What is the limiting reagent?

The limiting reagent is the reactant that is completely consumed first in a reaction, limiting the amount of product that can form. It is identified by comparing the mole-to-coefficient ratios of all reactants — the one with the smallest ratio is limiting. All yield calculations are based on the limiting reagent.

How do I convert grams to moles?

Divide the mass in grams by the molar mass (g/mol): moles = mass / molar mass. For example, 10 g of NaOH (MW = 40 g/mol) = 10/40 = 0.25 mol. The molar mass is found by summing the atomic masses of all atoms in the formula from the periodic table.

Why is my actual yield less than theoretical?
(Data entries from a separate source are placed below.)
(* Ends of the crossing of edge
   {x, einv x}: (x,true) heads to the corner between x and rot x,
   (x,false) to the corner between rot^-1 x and x.  Counterclockwise order
   at the crossing: (einv x,false),(x,true),(x,false),(einv x,true).
   Regions between (x,true),(x,false) and between (einv x,true),(einv x,false)
   are black; for a positive edge the overcrossing branch is the one through
   the true-ends (turning it counterclockwise sweeps the black regions);
   negative edges switch over and under. *)
Definition medial (G : sribbon) : diagram :=
  @Diagram (dart G * bool)%type
    (fun p => if p.2 then (p.1, false) else (einv G p.1, true))
    (fun p => if p.2 then (rot G p.1, false) else ((rot G)^-1%g p.1, true))
    (fun p => p.2 (+) neg G p.1).

(* A state of the medial diagram is the same thing as a spanning subgraph F:
   split A at the crossing of an edge iff the edge lies in F xor is negative.
   The state curves then run along the boundary of the ribbon subgraph F, so
   delta = bc(F); both are the cycles of the permutation "turn at the vertex,
   cross the edge if it lies in F", whose cycles through F are the faces of F
   and whose other cycles are the isolated vertices.  Counting splittings
   gives beta - alpha = e(G) - 2 e(F) + 2 s(F), and the substitution
   x = -t-1, y = -1/t-1, z = 1/d matches each Bollobas-Riordan monomial with
   the corresponding bracket term up to a global factor.
   The exponent of z is twice the genus of F.  Adding an edge to F multiplies
   the boundary permutation by a transposition, which makes the genus
   monotone in F; so when G is planar every F has genus zero, and when G is
   unsigned s(F) = 0, leaving the Tutte polynomial. *)

From Pilot Require Import Defs.
From mathcomp Require Import all_boot all_order all_algebra all_fingroup zify ring.
Import Order.TTheory GRing.Theory Num.Theory.
Set Implicit Arguments. Unset Strict Implicit. Unset Printing Implicit Defensive.
(* For any graph $F$ on $y\ge1$ vertices with average degree $d$ and any real $\lambda>0$, \[ \frac{\lambda Z_F'(\lambda)}{Z_F(\lambda)}\ \ge\ \frac{\lambda}{1+\lambda}\,y\,(1+\lambda)^{-d}, \qquad \log Z_F(\lambda)\ \ge\ \begin{cases} y\log(1+\lambda) & \text{if } d=0,\\[2pt] \dfrac{y}{d}\bigl(1-(1+\lambda)^{-d}\bigr) & \text{if } d>0.\end{cases} \]
   Context: $\log$ is the natural logarithm. For a graph $F$, $Z_F(\lambda)=\sum_{I}\lambda^{|I|}$ where the sum is over all independent sets $I$ of $F$ (including $\varnothing$), and $Z_F'$ is its derivative in $\lambda$. The average degree of $F$ is $2|E(F)|/|V(F)|$. *)

From Stdlib Require Import Reals Lra Lia Arith List Bool.
Import ListNotations.
Open Scope R_scope.

(* A finite simple graph F on the vertex set {0,...,y-1} is given by
   y : nat and a symmetric irreflexive adjacency relation adj : nat -> nat -> bool
   (only its restriction to vertices < y matters).
   Subsets of {0,...,y-1} are encoded by bitmasks m < 2^y: i is in the
   subset iff Nat.testbit m i = true. *)

Definition inset (m i : nat) : bool := Nat.testbit m i.

Definition indep (adj : nat -> nat -> bool) (y m : nat) : bool :=
  forallb (fun i => forallb (fun j => negb (adj i j && inset m i && inset m j))
                            (seq 0 y)) (seq 0 y).

Definition card (y m : nat) : nat := length (filter (inset m) (seq 0 y)).

Definition ZF (adj : nat -> nat -> bool) (y : nat) (lam : R) : R :=
  fold_right Rplus 0
    (map (fun m => if indep adj y m then lam ^ card y m else 0) (seq 0 (2 ^ y))).

Definition ZFprime (adj : nat -> nat -> bool) (y : nat) (lam : R) : R :=
  fold_right Rplus 0
    (map (fun m => if indep adj y m
                   then INR (card y m) * lam ^ (pred (card y m)) else 0)
         (seq 0 (2 ^ y))).

Definition nedges (adj : nat -> nat -> bool) (y : nat) : nat :=
  length (filter (fun p => adj (fst p) (snd p))
            (flat_map (fun i => map (fun j => (i, j)) (seq 0 i)) (seq 0 y))).

Definition avgdeg (adj : nat -> nat -> bool) (y : nat) : R :=
  2 * INR (nedges adj y) / INR y.

(* Let I be a random independent set with Pr(I) proportional to lam^|I|.  Then
   lam Z'/Z = E|I| = sum_v Pr(v in I), and adding v to the independent sets of
   F - N[v] shows Pr(v in I) = lam Z_{F-N[v]} / Z.  Deleting a single vertex divides
   the partition function by at most 1 + lam, so Z <= (1+lam)^(deg v + 1) Z_{F-N[v]}
   and Pr(v in I) >= lam/(1+lam) (1+lam)^(-deg v).  Convexity of x |-> (1+lam)^(-x)
   turns the sum over v into y lam/(1+lam) (1+lam)^(-d).  The bounds on log Z follow
   by integrating (log Z)' = Z'/Z from 0, where Z = 1. *)

From Stdlib Require Import Reals Lra Lia List Bool Permutation.
From Coquelicot Require Import Coquelicot.
Import ListNotations.
Open Scope R_scope.

Definition sumR (f : nat -> R) (l : list nat) : R := fold_right Rplus 0 (map f l).

Lemma sumR_app f l1 l2 : sumR f (l1 ++ l2) = sumR f l1 + sumR f l2.
Proof. induction l1 as [|a l IH]; unfold sumR in *; simpl; [lra|]. rewrite IH; lra. Qed.

Lemma sumR_plus f g l : sumR (fun x => f x + g x) l = sumR f l + sumR g l.
Proof. induction l as [|a l IH]; unfold sumR in *; simpl; [lra|]. rewrite IH; lra. Qed.

Lemma sumR_scal c f l : sumR (fun x => c * f x) l = c * sumR f l.
Proof. induction l as [|a l IH]; unfold sumR in *; simpl; [lra|]. rewrite IH; lra. Qed.

Lemma sumR_const c l : sumR (fun _ => c) l = c * INR (length l).
Proof.
  induction l as [|a l IH]; unfold sumR in *; simpl length; [simpl; lra|].
  rewrite S_INR; simpl; rewrite IH; lra.
Qed.

Lemma sumR_ext f g l : (forall x, In x l -> f x = g x) -> sumR f l = sumR g l.
Proof.
  intros H; unfold sumR; f_equal; apply map_ext_in; exact H.
Qed.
Actual yield is less than theoretical due to: incomplete reactions (equilibrium), side reactions producing unwanted products, mechanical losses during transfer and purification, impure reagents, and measurement errors. Percent yield = (actual/theoretical) × 100 quantifies this difference.

Can stoichiometry be used for solutions?

Yes. For solutions, use molarity × volume (in liters) to get moles: n = M × V. Then apply the mole ratio as usual. This is the basis of titration calculations. For gases at STP, use the molar volume (22.4 L/mol) to convert between volume and moles.